A-mode: Set Aperture to f/8. Set ISO at 100.
S-mode: Set ISO at 100. Slow the shutter until Aperture is at f/8.
M-mode w/ Auto-ISO: Set Aperture to f/8. Slow shutter until ISO is at 100.
Scenario 2
I’m in daylight and I want to use 1/125 and ISO 100. How do I do this?
A-mode: Set the ISO to 100. Adjust Aperture until Shutter is at 1/125.
S-mode: Set Shutter at 1/125. Set ISO at 100.
M-mode w/Auto-ISO: Set Shutter at 1/125. Adjust Aperture until ISO is at 100.
Scenario 3
I’m in daylight and I want to use f/16 and 1/125. How do I do this?
A-mode: Set aperture to f/16. Lower the ISO until Shutter is at 1/125.
S-mode: Set Shutter to 1/125. Lower the ISO until Aperture is at f/16.
M-mode w/ Auto-ISO: Set Aperture to f/16. Set Shutter to 1/125. Let the camera lower the ISO.

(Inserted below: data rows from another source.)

(* If $X$ is an (infinite) $T_1$-space, then $\psi(X)\le nu(X)\cdot 2^{s(X)}$.
   Context: A non-empty subset $A$ of a space $X$ is called finitely non-Urysohn if for every non-empty finite subset $F\subseteq A$ and every family $\{U_x:x\in F\}$ where each $U_x$ is an open neighborhood of $x$, we have $\bigcap_{x\in F}\overline{U_x}\neq\emptyset$. The non-Urysohn number is $nu(X):=1+\sup\{|A|:A\subseteq X$ finitely non-Urysohn$\}$. $s(X)$ denotes the spread of $X$ (supremum of cardinalities of discrete subspaces, plus $\omega$) and $\psi(X)$ the pseudocharacter. Throughout, ''space'' means infinite topological space. *)

From HB Require Import structures.
From mathcomp Require Import all_boot all_order.
From mathcomp Require Import all_classical all_reals all_analysis.
Set Implicit Arguments. Unset Strict Implicit. Unset Printing Implicit Defensive.
Local Open Scope classical_set_scope.
Local Open Scope card_scope.

Section defs.
Variable X : topologicalType.

Definition finitely_non_urysohn (A : set X) : Prop :=
  A !=set0 /\
  forall F : set X, finite_set F -> F !=set0 -> F `<=` A ->
    forall U : X -> set X, (forall x, F x -> open (U x) /\ U x x) ->
      (\bigcap_(x in F) closure (U x)) !=set0.

(* nu_le N  <->  nu(X) = 1 + sup{|A| : A fin. non-Urysohn} <= |N|.
   (1 + |A| is the cardinality of A plus one new point, realized in option X.) *)
Definition nu_le (N : Type) : Prop :=
  forall A : set X, finitely_non_urysohn A ->
    ((Some @` A) `|` [set None]) #<= [set: N].

Definition discrete_subspace (D : set X) : Prop :=
  forall d, D d -> exists U : set X, open U /\ U `&` D = [set d].

(* s_le S  <->  s(X) = omega + sup{|D| : D discrete} <= |S| *)
Definition s_le (S : Type) : Prop :=
  infinite_set [set: S] /\
  forall D : set X, discrete_subspace D -> D #<= [set: S].

(* psi_le K  <->  psi(X) = omega + sup_x psi(x,X) <= |K|, where psi(x,X) is the
   least cardinality of a family of open sets whose intersection is {x}. *)
Definition psi_le (K : Type) : Prop :=
  infinite_set [set: K] /\
  forall x : X, exists F : set (set X),
    F #<= [set: K] /\ (forall U, F U -> open U /\ U x) /\
    \bigcap_(U in F) U = [set x].

End defs.

From HB Require Import structures.
From mathcomp Require Import all_boot all_order.
From mathcomp Require Import all_classical all_reals all_analysis.
Set Implicit Arguments. Unset Strict Implicit. Unset Printing Implicit Defensive.
Local Open Scope classical_set_scope.
Local Open Scope card_scope.

(* Fix x and let K be the theta-closure of {x}: the points y lying in the
   closure of every open neighbourhood of x.  K is finitely non-Urysohn, so an
   injection of K into N separates the points of K \ {x} from x by the closed
   fibres of size at most one (T1).  Every y outside K has an open
   neighbourhood W y whose closure misses some neighbourhood of x, and
   Shapirovskii's lemma yields a discrete D, hence of size at most |S|, with
   every such y in the closure of D or in some W d, d in D.  In both cases y is
   separated from x by the complement of the closure of a set determined by a
   subset of D, i.e. by an element of S -> bool. *)

Lemma inj_card_leT T U (A : set T) (f : T -> U) :
  {in A &, injective f} -> A #<= [set: U].
Proof.
move=> f_inj; apply: (@card_le_trans _ _ _ (f @` A)); last exact: card_leT.
by have /card_eqPle[] := inj_card_eq f_inj.
Qed.

Lemma card_leT_inhabited T U (A : set T) :
  A !=set0 -> A #<= [set: U] -> inhabited U.
Proof.
move=> [a Aa] AU; have [//|noU] := pselect (inhabited U); exfalso.
suff A0 : A = set0 by rewrite A0 in Aa.
have U0 : [set: U] = set0 by apply/seteqP; split => // u; case: noU.
by rewrite U0 in AU; move/card_le0P: AU.
Qed.

Lemma card_leT_inj T U (A : set T) :
  inhabited U -> A #<= [set: U] -> exists f : T -> U, {in A &, injective f}.
Proof.
case; elim/Ppointed: U => U u0; first by case: (no u0).
by move/pcard_injP.
Qed.

Lemma infinite_prod_fun_bool N S : inhabited N -> infinite_set [set: S] ->
  infinite_set [set: N * (S -> bool)].
Proof.
move=> [n0] /infiniteP Sinf; apply/infiniteP; apply: card_le_trans Sinf _.
apply: (@inj_card_leT _ _ _ (fun s => (n0, fun t => `[< t = s >]))).
move=> s t _ _ [] /(congr1 (@^~ s)) /= st.
by apply/asboolP; rewrite -st; apply/asboolP.
Qed.

Lemma closure_openP (X : topologicalType) (A : set X) p :
  closure A p <-> forall U, open U -> U p -> A `&` U !=set0.
Proof.
split=> [clA U oU Up|AU B]; first by apply: clA; apply: open_nbhs_nbhs.
rewrite nbhsE => -[V [oV Vp] VB].
by have [z [Az Vz]] := AU V oV Vp; exists z; split => //; apply: VB.
Qed.

Section Shapirovskii.
Context {X : topologicalType}.
Variables (Y : set X) (W : X -> set X).
Hypothesis W_nbhs : forall y, Y y -> open (W y) /\ W y y.

Definition W_separated (D : set X) := D `<=` Y /\
  forall d, D d -> exists2 V, open V & V d /\
    forall z, D z -> V z -> W d z -> z = d.

(* New points avoid the W-neighbourhoods of old ones, so separation witnesses
   survive along chains. *)
Definition end_extension (D D' : set X) := D `<=` D' /\
  forall y, D' y -> ~ D y -> forall d, D d -> ~ W d y.

Lemma end_extension_trans D1 D2 D3 :
  end_extension D1 D2 -> end_extension D2 D3 -> end_extension D1 D3.
Proof.
move=> [s12 n12] [s23 n23]; split=> [z /s12/s23 //|y D3y nD1y d D1d].
have [D2y|nD2y] := pselect (D2 y); first exact: n12.
exact: n23 (s12 _ D1d).
Qed.

Lemma separated_discrete D : W_separated D -> discrete_subspace D.
Proof.
move=> [DY Dsep] d Dd; have [V oV [Vd V_sep]] := Dsep d Dd.
have [oW Wd] := W_nbhs (DY d Dd).
exists (V `&` W d); split; first exact: openI.
by apply/seteqP; split=> [z [[Vz Wz] Dz]|z ->]; [exact: V_sep|].
Qed.

Section Chains.
Variables (I : Type) (A : set I) (F : I -> set X).
Hypotheses (A_sep : forall i, A i -> W_separated (F i))
  (A_chain : total_on A (fun i j => end_extension (F i) (F j))).

Lemma end_extension_bigcup i : A i -> end_extension (F i) (\bigcup_(j in A) F j).
Proof.
move=> Ai; split=> [z Fiz|y [j Aj Fjy] nFiy d Fid]; first by exists i.
have [[_ ij_new]|[ji _]] := A_chain Ai Aj; first exact: ij_new.
by case: nFiy; apply: ji.
Qed.

Lemma separated_bigcup : W_separated (\bigcup_(i in A) F i).
Proof.
split=> [z [i /A_sep[FY _] /FY //]|d [i Ai Fid]].
have [_ /(_ d Fid) [V oV [Vd V_sep]]] := A_sep Ai.
exists V => //; split=> // z [j Aj Fjz] Vz Wdz.
have [[_ ij_new]|[ji _]] := A_chain Ai Aj; last exact: V_sep (ji _ Fjz) _ _.
have [Fiz|nFiz] := pselect (F i z); first exact: V_sep.
by case: (ij_new z Fjz nFiz d Fid).
Qed.

End Chains.

Lemma separated_setU1 D y : W_separated D -> Y y -> ~ closure D y ->
  (forall d, D d -> ~ W d y) -> W_separated (D `|` [set y]).
Proof.
move=> [DY Dsep] Yy /closure_openP /existsNP [B] /not_implyP [oB] /not_implyP [By].
move=> /set0P/negP; rewrite negbK => /eqP DB0 nW.
split=> [z [/DY //|-> //]|d [Dd|->]].
  have [V oV [Vd V_sep]] := Dsep d Dd.
  by exists V => //; split=> // z [Dz|->] Vz Wdz; [exact: V_sep|case: (nW d)].
exists B => //; split=> // z [Dz|->] // Bz _.
by have : (D `&` B) z by []; rewrite DB0.
Qed.

Lemma maximal_separated : exists2 D, W_separated D &
  forall D', W_separated D' -> end_extension D D' -> D' = D.
Proof.
pose T := {D : set X | W_separated D}.
pose R (s t : T) := `[< end_extension (sval s) (sval t) >].
suff [[D Dsep] Dmax] : exists t : T, forall s, R t s -> s = t.
  exists D => // D' D'sep DD'.
  by have /(congr1 sval) := Dmax (exist _ D' D'sep) (asboolT DD').
apply: Zorn.
- by move=> t; apply/asboolP; split=> // y ? ?.
- by move=> r s t /asboolP rs /asboolP st; apply/asboolP; apply: end_extension_trans st.
- move=> [D Dsep] [E Esep] /asboolP [DE _] /asboolP [ED _].
  by apply: eq_exist; apply/seteqP.
move=> A A_chain.
have chain : total_on A (fun s t => end_extension (sval s) (sval t)).
  by move=> s t As At; have [/asboolP|/asboolP] := A_chain s t As At; [left|right].
have Asep t : A t -> W_separated (sval t) by case: t.
exists (exist _ _ (separated_bigcup Asep chain)) => t At.
exact/asboolP/end_extension_bigcup.
Qed.

Theorem shapirovskii : exists D, D `<=` Y /\ discrete_subspace D /\
  forall y, Y y -> closure D y \/ exists2 d, D d & W d y.
Proof.
have [D Dsep Dmax] := maximal_separated; have [DY _] := Dsep.
exists D; split=> //; split=> [|y Yy]; first exact: separated_discrete.
have [|nclDy] := pselect (closure D y); first by left.
have [|nWy] := pselect (exists2 d, D d & W d y); first by right.
have nW d : D d -> ~ W d y by move=> Dd Wdy; apply: nWy; exists d.
have D'sep := separated_setU1 Dsep Yy nclDy nW.
have DD' : end_extension D (D `|` [set y]).
  by split=> [z|z [//|->] _]; [left|].
case: nclDy; apply: subset_closure.
by rewrite -(Dmax _ D'sep DD'); right.
Qed.

End Shapirovskii.

Section ThetaClosure.
Context {X : topologicalType}.

Definition theta_closure1 (x : X) := [set y | forall U, open U -> U x -> closure U y].

Lemma theta_closure1_non_urysohn x : finitely_non_urysohn (theta_closure1 x).
Proof.
split=> [|F _ _ FK U U_nbhs]; first by exists x => U _ Ux; apply: subset_closure.
exists x => z Fz; have [oU Uz] := U_nbhs z Fz.
apply/closure_openP => V oV Vx.
have [w [Vw Uw]] := (closure_openP _ _).1 (FK z Fz V oV Vx) (U z) oU Uz.
by exists w.
Qed.

Lemma theta_closure1_sep x : exists U : X -> set X, forall y,
  ~ theta_closure1 x y -> open (U y) /\ U y x /\ ~ closure (U y) y.
Proof.
suff /choice[U U_sep] : forall y, exists U : set X,
  ~ theta_closure1 x y -> open U /\ U x /\ ~ closure U y by exists U.
move=> y; have [Ky|/existsNP [U /not_implyP [oU /not_implyP [Ux nclU]]]] :=
  pselect (theta_closure1 x y); first by exists setT.
by exists U.
Qed.

(* The fallback [setT] makes the family total; it is never used to exclude a point. *)
Definition avoid_closure (x : X) (A : set X) : set X :=
  if pselect (closure A x) then setT else ~` closure A.

Lemma avoid_closure_open_nbhs x A : open (avoid_closure x A) /\ avoid_closure x A x.
Proof.
rewrite /avoid_closure; case: pselect => clAx; split=> //; first exact: openT.
by rewrite openC; apply: closed_closure.
Qed.

Lemma avoid_closureN x A y : ~ closure A x -> closure A y -> ~ avoid_closure x A y.
Proof. by move=> nclAx clAy; rewrite /avoid_closure; case: pselect => [|_ []]. Qed.

Lemma subsingleton_closed : accessible_space X ->
  forall A : set X, (forall y z, A y -> A z -> y = z) -> closed A.
Proof.
move=> T1 A A1; have [[y Ay]|/set0P/negP] := pselect (A !=set0).
  suff -> : A = [set y] by apply: accessible_closed_set1.
  by apply/seteqP; split=> [z Az|z ->//]; apply: A1.
by rewrite negbK => /eqP ->; apply: closed0.
Qed.

End ThetaClosure.

Section PseudoCharacter.
Context {X : topologicalType}.
Hypothesis T1 : accessible_space X.
Context {x : X} {U : X -> set X}.
Hypothesis U_sep : forall y, ~ theta_closure1 x y ->
  open (U y) /\ U y x /\ ~ closure (U y) y.

Let W y := ~` closure (U y).

Lemma open_nbhs_compl_closure y : ~ theta_closure1 x y -> open (W y) /\ W y y.
Proof.
by move=> /U_sep[_ [_ nclUy]]; split=> //; rewrite /W openC; apply: closed_closure.
Qed.

Lemma not_closure_subset_compl_closure y B :
  ~ theta_closure1 x y -> B `<=` W y -> ~ closure B x.
Proof.
move=> /U_sep[oU [Ux _]] BW /closure_openP /(_ _ oU Ux) [z [Bz Uz]].
by apply: (BW z Bz); apply: subset_closure.
Qed.

Context {N S : Type} {D : set X} {io : X -> N} {iD : X -> S}.
Hypotheses (D_sub : D `<=` ~` theta_closure1 x)
  (D_cov : forall y, ~ theta_closure1 x y ->
     closure D y \/ exists2 d, D d & W d y)
  (io_inj : {in theta_closure1 x &, injective io})
  (iD_inj : {in D &, injective iD}).

Definition code_fiber n := [set y | y <> x /\ theta_closure1 x y /\ io y = n].

Definition coded_part (f : S -> bool) := [set d | D d /\ f (iD d)].

Definition psi_nbhs (p : N * (S -> bool)) :=
  ~` code_fiber p.1 `&` avoid_closure x (coded_part p.2)
  `&` avoid_closure x (\bigcup_(d in coded_part p.2) W d).

Lemma psi_nbhs_open_nbhs p : open (psi_nbhs p) /\ psi_nbhs p x.
Proof.
have [oB Bx] := avoid_closure_open_nbhs x (coded_part p.2).
have [oC Cx] := avoid_closure_open_nbhs x (\bigcup_(d in coded_part p.2) W d).
split; last by split=> //; split=> // -[].
apply: openI => //; apply: openI => //; rewrite openC.
apply: subsingleton_closed => // y z [_ [Ky <-]] [_ [Kz /esym yz]].
by apply: io_inj; rewrite ?inE.
Qed.

Lemma psi_nbhs_theta y f : y <> x -> theta_closure1 x y -> ~ psi_nbhs (io y, f) y.
Proof. by move=> yx Ky [[nfib _] _]; apply: nfib. Qed.

Lemma psi_nbhs_closure y : ~ theta_closure1 x y -> closure D y ->
  exists p, ~ psi_nbhs p y.
Proof.
move=> nKy clDy.
pose f s := `[< exists2 d, (D `&` W y) d & iD d = s >].
have fW : coded_part f `<=` W y.
  move=> d [Dd /asboolP [d' [Dd' Wd'] d'd]].
  by rewrite -(iD_inj _ _ d'd) ?inE.
have cl_f : closure (coded_part f) y.
  apply/closure_openP => V oV Vy.
  have [oW Wy] := open_nbhs_compl_closure nKy.
  have [z [Dz [Vz Wz]]] := (closure_openP _ _).1 clDy _ (openI oV oW) (conj Vy Wy).
  by exists z; split=> //; split=> //; apply/asboolP; exists z.
exists (io y, f) => -[[_ avoid_y] _].
exact: avoid_closureN (not_closure_subset_compl_closure nKy fW) cl_f avoid_y.
Qed.

Lemma psi_nbhs_compl_closure y d : D d -> W d y -> exists p, ~ psi_nbhs p y.
Proof.
move=> Dd Wdy; pose f s := `[< s = iD d >].
have Cf : \bigcup_(e in coded_part f) W e `<=` W d.
  by move=> z [e [De /asboolP ed] Wez]; rewrite -(iD_inj _ _ ed) ?inE.
have clCy : closure (\bigcup_(e in coded_part f) W e) y.
  by apply: subset_closure; exists d => //; split=> //; apply/asboolP.
exists (io y, f) => -[_ avoid_y].
exact: avoid_closureN (not_closure_subset_compl_closure (D_sub Dd) Cf) clCy avoid_y.
Qed.

Lemma bigcap_psi_nbhs : \bigcap_(p in [set: N * (S -> bool)]) psi_nbhs p = [set x].
Proof.
apply/seteqP; split=> [y psi_y|_ -> p _]; last by case: (psi_nbhs_open_nbhs p).
apply: contrapT => yx.
have [Ky|nKy] := pselect (theta_closure1 x y).
  exact: psi_nbhs_theta (fun _ => false) yx Ky (psi_y _ I).
have [clDy|[d Dd Wdy]] := D_cov nKy.
  by have [p] := psi_nbhs_closure nKy clDy; apply; apply: psi_y.
by have [p] := psi_nbhs_compl_closure Dd Wdy; apply; apply: psi_y.
Qed.

Lemma pseudocharacter_le : exists F : set (set X),
  F #<= [set: N * (S -> bool)] /\ (forall V, F V -> open V /\ V x) /\
  \bigcap_(V in F) V = [set x].
Proof.
exists (psi_nbhs @` setT); split; first exact: card_image_le.
split=> [_ [p _ <-]|]; first exact: psi_nbhs_open_nbhs.
rewrite -bigcap_psi_nbhs; apply/seteqP; split=> y Fy.
  by move=> p _; apply: Fy; exists p.
by move=> _ [p _ <-]; apply: Fy.
Qed.

End PseudoCharacter.

Lemma nu_le_inj (X : topologicalType) N (A : set X) : nu_le X N ->
  finitely_non_urysohn A -> exists f : X -> N, {in A &, injective f}.
Proof.
move=> nuN A_nu; have AN := nuN A A_nu.
have [|f f_inj] := card_leT_inj _ AN.
  by apply: card_leT_inhabited AN; exists None; right.
exists (f \o Some) => y z; rewrite !inE => Ay Az fyz.
suff [] : Some y = Some z by [].
by apply: f_inj; rewrite ?inE //; left; [exists y|exists z].
Qed.

Theorem corollary3p10 (X : topologicalType) :
  @accessible_space X -> infinite_set [set: X] ->
  forall (N S : Type), nu_le X N -> s_le X S -> psi_le X (N * (S -> bool)).
Proof.
move=> T1 Xinf N S nuN [Sinf sS]; split.
  apply: infinite_prod_fun_bool Sinf.
  have [x0 _] := infinite_setN0 Xinf.
  by have [io _] := nu_le_inj nuN (theta_closure1_non_urysohn x0); exact: inhabits (io x0).
move=> x.
have [U U_sep] := theta_closure1_sep x.
have [D [D_sub [D_disc D_cov]]] := shapirovskii (open_nbhs_compl_closure U_sep).
have [io io_inj] := nu_le_inj nuN (theta_closure1_non_urysohn x).
have [|iD iD_inj] := card_leT_inj _ (sS D D_disc).
  by have [s0 _] := infinite_setN0 Sinf.
exact (pseudocharacter_le T1 U_sep D_sub D_cov io_inj iD_inj).
Qed.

Those with a keen eye will recognize that these scenarios are in fact, identical. Applying Sunny 16 Rule, the exposure setting that the camera will arrive at will be f/16, 1/125, and ISO-100. I presented 9 methods, each of which will arrive at exactly the same setting. So which mode should you use?
Answer: It’s up to you and what you want to adjust.
Scenario 1: Aperture and ISO are important to you. Use A-mode.
Scenario 2: Shutter and ISO are important to you. Use S-mode.
Scenario 3: Aperture and Shutter are important to you. Use M-mode w/ Auto-ISO.
Again, they are the same. Understand how each one works and pick the one that right’s for you. Don’t feel like you’re limited to one mode! I routinely switch between modes depending on subject matter.
That said, there are drawbacks with using M-mode with Auto-ISO on D3x00 camera bodies.
- The ISO that the camera selects for you is not readily available for you to inspect. That is, you have no idea what ISO you’re shooting at until after you take the shot and you inspect the EXIF data. Only on higher end bodies such as D5x00, D7x00, and FX cameras, the ISO value is displayed and updated in real-time in the viewfinder as you’re composing.
- On camera bodies there’s only one command dial. You lose the ability to quickly adjust Exposure Compensation since that dedicated button is now used for Aperture. Only way to change Exposure Compensation is to dig into the menus which slows you down.
- With shots where you want to shoot at ISO-100 mounted on tripod for maximum image quality. While it’s possible for you to manipulate the aperture and shutter speed to get ISO-100, it’s much easier to just use Aperture or Shutter Priority to lock in the ISO at 100. This is especially true for D3x00 bodies since the auto-ISO value is unknown.